Regulation: amendments 7, 8, 26, 49, 94, etc.
Marketing of generic
medicines is delayed
Only a few of the amendments adopted run counter to public health
interests, but these carry major stakes for Member States' health
systems.
Data protection
strengthened. The big drug companies' requests regarding
data protection were largely supported by a majority of members
of Parliament. Several amendments not only guarantee lengthy commercial
protection of originator substances, delaying the marketing of generic
medicines, but also further lengthen this protection each time a
new therapeutic indication is granted.
Some adopted amendments refine the definition of generic medicines,
introducing notions of isomerism, complexes, crystalline polymorphism,
esters and salts, whereas the current definition is based only on
bioequivalence of the substance.
More worrying as regards the development of generic medicines is
the notion of "biosimilarity" introduced in another amendment.
This term is only vaguely defined, with no clear criteria. It is
simply stated that firms would have to conduct "appropriate
pre-clinical tests and clinical trials" to show that a drug
is equivalent to another "in terms of safety and efficacy",
whereas companies have so far not been requested to conduct new
clinical trials for generic medicines. This measure is probably
intended to stifle copies of biotech products.
Directive: amendments 34, 35, 36, 40, 156, 167, 168, 202.
Added therapeutic
value is not taken into account. In the current regulatory
framework, marketing authorisation is based on the demonstrated
efficacy of a new drug and an acceptable level of documented risk.
It is not necessary to show that a drug offers any therapeutic advantage
over existing alternatives.
The increasing release of equivalent or me-too products that are
more costly than reference medicines led members of Parliament to
propose amendments on "added therapeutic value". The amendments
were not meant to make added therapeutic value a criterion on which
to grant or refuse marketing authorisation. It was simply requested
that added therapeutic value be mentioned in the evaluation report,
or at least in the five-yearly re-evaluation prepared by the agency
that initially authorised the drug. In this way, health authorities
and health insurance systems would have been in a position to decide
whether or not to use or refund the product.

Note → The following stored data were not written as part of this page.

Lemma add0l x : nadd nzero x = x.
Proof. rewrite addC; apply add0. Qed.
Lemma addNl x : nadd (nopp x) x = nzero.
Proof. rewrite addC; apply addN. Qed.
Lemma addAC x y z : nadd (nadd x y) z = nadd (nadd x z) y.
Proof. rewrite <- !addA, (addC y). reflexivity. Qed.
Lemma addCA x y z : nadd x (nadd y z) = nadd y (nadd x z).
Proof. rewrite !addA, (addC x). reflexivity. Qed.
Lemma add_cancel_l x y z : nadd x y = nadd x z -> y = z.
Proof.
  intro H. rewrite <- (add0l y), <- (add0l z), <- (addNl x), <- !addA, H.
  reflexivity.
Qed.
Lemma opp_unique x y : nadd x y = nzero -> y = nopp x.
Proof. intro H. apply (add_cancel_l x). rewrite H, addN. reflexivity. Qed.
Lemma oppK x : nopp (nopp x) = x.
Proof. symmetry; apply opp_unique, addNl. Qed.
Lemma opp0 : @nopp V nzero = nzero.
Proof. symmetry; apply opp_unique, add0. Qed.
Lemma oppD x y : nopp (nadd x y) = nadd (nopp x) (nopp y).
Proof.
  symmetry; apply opp_unique.
  rewrite (addC (nopp x)), addA, <- (addA x), addN, add0, addN. reflexivity.
Qed.
Lemma subrr x : nsub x x = nzero.
Proof. apply addN. Qed.
Lemma sub0 x : nsub x nzero = x.
Proof. unfold nsub; rewrite opp0; apply add0. Qed.
Lemma sub_eq x y : nsub x y = nzero -> x = y.
Proof.
  unfold nsub; intro H. apply opp_unique in H.
  rewrite <- (oppK x), <- H, oppK. reflexivity.
Qed.
Lemma addKsub x y : nadd y (nsub x y) = x.
Proof. unfold nsub. rewrite addCA, addN, add0. reflexivity. Qed.
Lemma sub_add x y z w : nsub (nadd x y) (nadd z w) = nadd (nsub x z) (nsub y w).
Proof. unfold nsub. rewrite oppD, <- addA, (addCA y), addA. reflexivity. Qed.

Lemma scal0 x : nscal Cx0 x = nzero.
Proof.
  apply (add_cancel_l (nscal Cx0 x)). rewrite add0, <- scalDl.
  unfold Cxplus, Cx0; simpl. rewrite Rplus_0_r. reflexivity.
Qed.
Lemma scal_m1 x : nscal (-1, 0) x = nopp x.
Proof.
  apply opp_unique. rewrite addC. rewrite <- (scal1 x) at 2. rewrite <- scalDl.
  unfold Cxplus, Cx1; simpl. replace (-1 + 1) with 0 by ring.
  rewrite Rplus_0_r. apply scal0.
Qed.
Lemma scal_zero a : nscal a (@nzero V) = nzero.
Proof. apply (add_cancel_l (nscal a nzero)). rewrite <- scalDr, !add0. reflexivity. Qed.
Lemma scal_opp a x : nscal a (nopp x) = nopp (nscal a x).
Proof. apply opp_unique. rewrite <- scalDr, addN. apply scal_zero. Qed.

Lemma norm0 : @nnorm V nzero = 0.
Proof.
  rewrite <- (scal0 nzero), norm_scal. unfold Cxmod, Cx0; simpl.
  replace (0 * (0 * 1) + 0 * (0 * 1)) with 0 by ring. rewrite sqrt_0. ring.
Qed.
Lemma norm_opp x : nnorm (nopp x) = nnorm x.
Proof.
  rewrite <- scal_m1, norm_scal. unfold Cxmod; simpl.
  replace (-1 * (-1 * 1) + 0 * (0 * 1)) with 1 by ring. rewrite sqrt_1. ring.
Qed.
Lemma norm_sub_sym x y : nnorm (nsub x y) = nnorm (nsub y x).
Proof. unfold nsub. rewrite <- norm_opp, oppD, oppK, addC. reflexivity. Qed.
Lemma norm_sub_tri x y z : nnorm (nsub x z) <= nnorm (nsub x y) + nnorm (nsub y z).
Proof.
  replace (nsub x z) with (nadd (nsub x y) (nsub y z)) by
    (unfold nsub; rewrite <- addA, (addA (nopp y)), addNl, add0l; reflexivity).
  apply norm_tri.
Qed.
End VectorSpace.

(* Proves an identity between two sums of (possibly negated) vectors that
   agree up to associativity and commutativity of nadd. *)
Ltac remove_summand t e := lazymatch e with
  | nadd ?e1 t => e1
  | nadd t ?b => b
  | nadd ?e1 ?b => let e1' := remove_summand t e1 in constr:(nadd e1' b)
  end.
Ltac move_summand_last t := lazymatch goal with
  | |- nadd ?e t = nadd ?e t => reflexivity
  | |- nadd ?b t = nadd t ?b => apply addC
  | |- nadd (nadd ?e1' ?b) t = nadd ?e1 ?b =>
      rewrite (addAC e1' b t); f_equal; move_summand_last t
  end.
Ltac sum_perm := lazymatch goal with
  | |- ?x = ?x => reflexivity
  | |- nadd ?L ?t = ?R =>
      let R' := remove_summand t R in
      transitivity (nadd R' t); [f_equal; sum_perm | move_summand_last t]
  end.
Ltac vec_ac := unfold nsub; rewrite ?oppD, ?oppK, ?addA; sum_perm.

Section Linear.
Context {V W : NS} {HV : Ban V} {HW : Ban W}.
Variable f : V -> W.
Hypothesis hf : is_blin V W f.

Lemma lin_add x y : f (nadd x y) = nadd (f x) (f y).
Proof. apply hf. Qed.
Lemma lin_scal a x : f (nscal a x) = nscal a (f x).
Proof. apply hf. Qed.
Lemma lin0 : f nzero = nzero.
Proof. apply (add_cancel_l (f nzero)). rewrite <- lin_add, !add0. reflexivity. Qed.
Lemma linB x y : f (nsub x y) = nsub (f x) (f y).
Proof.
  unfold nsub. rewrite lin_add. f_equal.
  apply opp_unique. rewrite <- lin_add, addN. apply lin0.
Qed.
Lemma blin_bnd : exists c, 0 <= c /\ forall x, nnorm (f x) <= c * nnorm x.
Proof.
  destruct hf as (_ & _ & c & hc). exists (Rabs c). split; [apply Rabs_pos|].
  intro x. eapply Rle_trans; [apply hc|].
  apply Rmult_le_compat_r; [apply norm_ge0 | apply RRle_abs].
Qed.
End Linear.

These amendments were strongly opposed by the industrial lobby,
and were not finally adopted. One Article in the Regulation is supposed
to merely discuss the issue.
Regulation: amendment 100.
Compassionate
use: no guarantee. The adopted texts clearly mention the
possibility that patients with no therapeutic alternative will be
able to receive "compassionate" treatment with drugs that
have not yet been authorised but that may potentially improve their
health. Nevertheless, the wording of the relevant amendment does
not guarantee compassionate use in all possible situations. In particular,
as companies will have to meet the cost of any compassionate use,
patients will be dependent on their goodwill.
Regulation: amendments 34, 133, 134.
An outstanding question:
EMEA affiliation
Since its creation the European Medicines Evaluation Agency (EMEA)
has been part of the Enterprise DG rather than the Health and Consumer
Protection DG (SANCO), which did not exist at the time. During discussions
of the draft Regulation, some members of Parliament recommended
that EMEA become part of DG SANCO.
No decision was made on this point, which relates to the internal
organisation of the European Commission, and not to a medicines
regulation proper. However, with the coming reorganisation of the
European Commission, the time is ripe to address this issue.